Szabadág=semmibe vett szükségszerüség? [Is freedom = ignored necessity? in Hungarian] Muvészet, 1978, 6

Patterns based on permutations, Symmetry: Culture and Science, Vol. 3 No. 2 (1992)

More investigation on permutation-generated patterns, Symmetry: Culture and Science, Vol. 6 No.2 (1995)

Abstract: Looking old buildings or folk art, especially cross-stich patterns, we can find returning patterns which are used in different geographical areas. It is interesting to see that these patterns consist of rather simple signs which are fitting to a permutation generated sign system. Investigating this system, we can find symmetries, which are easily visible. If we use a sign or a group of signs as a building block, we can build higher organised symmetries, which are recognisable in the folk art.


It is a remarkable fact that in the folk art we can find certain elements and patterns, which are characteristically returning again and again. Surprisingly, some of them looks like connected to each other and we can find them in different ages and very different geographical arias. Let us see some examples. In Fig. 1, 2, 3 and 4 we can find that a certain "stairs"-type elements connected to something what we can name "spirals". On the Fig. 5 we can see collected cross stich patterns, mainly from shirts of the area of the Ural mountain.

Another never ending theme is the geometrical patterns what we can see on several very important buildings, e.g. on the walls of certain minarets. (Fig. 6). It is important to recognise that these geometrical patterns (many times one element in different rotational positions) are creating in their "inner space" (the area, which is not covered with the relief) possibilities to see certain other forms, patterns or elements. This type of visual experiences (including the investigation of old rock carvings) led us to the field of permutation-generated patterns. A small group of people (attracted by the high flame of the spirit of József V. Molnár, an artist, painter) started to work on the question, how to create a sign system, which contains the elements of the so called "organic" art.

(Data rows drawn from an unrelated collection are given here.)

Lemma cokernel_epi {T : cObj C} (f g : chom Z T) :
  is_cokernel m p -> f \o_ p = g \o_ p -> f = g.
Proof.
case=> pm0 hk e.
have [k0 [_ hu]] := hk T (f \o_ p) ltac:(by rewrite -compA pm0 comp0r).
by rewrite (hu f erefl) (hu g (esym e)).
Qed.

Lemma cokernel_factor {T : cObj C} (f : chom Y T) :
  is_cokernel m p -> f \o_ m = 0 -> exists g : chom Z T, g \o_ p = f.
Proof. by case=> _ hk e; have [g [? _]] := hk T f e; exists g. Qed.

End KernelsCokernels.

Lemma cokernel_section_of_retraction {X Y Z : cObj C} (m : chom X Y) (p : chom Y Z)
    (r : chom Y X) :
  is_cokernel m p -> r \o_ m = idm X -> exists s : chom Z Y, p \o_ s = idm Z.
Proof.
move=> hc rm; have pm0 := proj1 hc.
have [s ps] := cokernel_factor (f := idm Y - m \o_ r) hc
  ltac:(by rewrite compBl comp1l -compA rm comp1r subrr).
exists s; apply: (cokernel_epi hc).
by rewrite -compA ps compBr comp1r compA pm0 comp0l subr0 comp1l.
Qed.

Lemma kernel_retraction_of_section {X Y Z : cObj C} (m : chom X Y) (p : chom Y Z)
    (s : chom Z Y) :
  is_kernel m p -> p \o_ s = idm Z -> exists r : chom Y X, r \o_ m = idm X.
Proof.
move=> hk ps; have pm0 := proj1 hk.
have [r mr] := kernel_factor (f := idm Y - s \o_ p) hk
  ltac:(by rewrite compBr comp1r compA ps comp1l subrr).
exists r; apply: (kernel_mono hk).
by rewrite compA mr compBl comp1l -compA pm0 comp0r subr0 comp1r.
Qed.

Section Pushouts.
Variables (B C1 C2 P : cObj C) (f : chom B C1) (g : chom B C2).
Variables (u1 : chom C1 P) (u2 : chom C2 P).

Lemma pushout_epi {T : cObj C} (h h' : chom P T) :
  is_pushout f g u1 u2 -> h \o_ u1 = h' \o_ u1 -> h \o_ u2 = h' \o_ u2 -> h = h'.
Proof.
case=> e hp e1 e2.
have [k0 [_ hu]] := hp T (h \o_ u1) (h \o_ u2) ltac:(by rewrite -!compA e).
by rewrite (hu h (conj erefl erefl)) (hu h' (conj (esym e1) (esym e2))).
Qed.
Lemma basis_mx_strictly_upper (i j : 'I_m) : (j <= i)%N -> (1%:M - basis_mx) i j = 0.
Proof.
have [low diag] := chain_vec_unitriangular m j.
rewrite !mxE /basis_vec leq_eqVlt => /orP [/eqP/val_inj <-|ji]; first by rewrite eqxx diag subrr.
by rewrite low // subr0; case: eqP ji => // ->; rewrite ltnn.
Qed.

Definition basis_inv : 'M[C]_m := \sum_(e < m) (1%:M - basis_mx) ^+ e.

Lemma basis_invK : basis_inv *m basis_mx = 1%:M.
Proof.
apply: mulmx1C; have := nilpotent_subr_inv (strictly_upper_nilpotent basis_mx_strictly_upper).
by rewrite opprB addrC subrK.
Qed.

Lemma perm_jordan_basis : exists s : 'S_m,
  let T := col_perm s basis_mx in let Ti := row_perm s basis_inv in
  Ti *m T = 1%:M /\ superdiag01 (Ti *m M *m T).
Proof.
have [s s_sd] := superdiag01_perm_shift R (pivot_lt Mred Mnil) (pivot_inj Mred).
exists s; rewrite /= row_permE col_permE; split.
  by rewrite mulmxA -(mulmxA _ basis_inv) basis_invK mulmx1 -perm_mxM mulgV perm_mx1.
have conj : basis_inv *m M *m basis_mx = pivot_mx.
  by rewrite -mulmxA mulmx_basis mulmxA basis_invK mul1mx.
by move: s_sd; rewrite -/pivot_mx row_permE col_permE -conj !mulmxA.
Qed.

End JordanBasis.

Lemma pred_sqr_leq_fact k : (k.-1 * k.-1 <= k`!)%N.
Proof. by case: k => // k; rewrite factS leq_mul // fact_geq. Qed.

Lemma ler_wpM_weXn2l (R : numDomainType) (c c' x : R) a b :
  0 <= c -> c <= c' -> 1 <= x -> (a <= b)%N -> c * x ^+ a <= c' * x ^+ b.
Proof.
move=> c_ge0 cc' x_ge1 ab; apply: ler_pM => //; first exact/exprn_ge0/(le_trans ler01).
exact: ler_weXn2l.
Qed.

Section Constants.
Variables (R : realType) (n : nat) (X0 : R).
Hypotheses (n_gt0 : (0 < n)%N) (X0_ge1 : 1 <= X0).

Fig. 1 Cross stich pattern from the area of the river Tisza, Hungary

Fig.2 Cross stich pattern from the county Borsod, Hungary

Fig. 3 Image of an Aztec shield 

Fig. 4 Clay vessel from Peru (Amano Museum, Lima)

It is an open question (well, at least for me) what is the deeper reason to use the same elements together in different countries and times, what brings together these two elements (or symbols?) and what is the meaning what we can attach to them. Naturally, during the long years behind me with these signs, I have heard many different explanations and impressions but still I am not feel settled about it. I started to understand more about the possible reasons when I was working longer time about the rather simple mathematics of the generation of the permutation-based signs.

Fig. 5 Cross stitch elements from the Ural area. 

Fig. 6 pattern of the minaret in Üzkent, Turkey

2 The sign-system

The inspiration arrived from certain rock-carvings. There are some frequently find elements of the screeched figures. We made some effort to put them in some "order". The next idea was to try to generate them, the next "we want to generate all"! Well, this is perhaps a little bit too ambitious plan, but we had some success, at least on some field. 


Fig. 7 Schemas of rock carvings

Working with the very simple mathematics of the idea of sign-creation, I realised that if we wont a system which can show (almost) everything, it has to be an endless system. The simplest thing in math, which can be a model of this, is the endless line of integers. Now, how to create (simple) forms or signs using integers? In a square matrix it is easy to this on a very simple way. The rule (worked out and worded only after longer time) is that in the rows and in the columns of an n×n square matrix (imagine simply graph paper) has to be from one to n (n can be any number) filled little squares. Look this little sign here. In a graph paper it would fill nine squares. It has three columns and three rows, it is a 3×3 little matrix. It is created according to the given rule. In the top row there is only one dark square, in the middle one there are three, in the lower one there are two. Similarly, in the first column (on the left) there are three, in the middle one there are two, on the right one there is one. From one to three we could find all the necessary squares.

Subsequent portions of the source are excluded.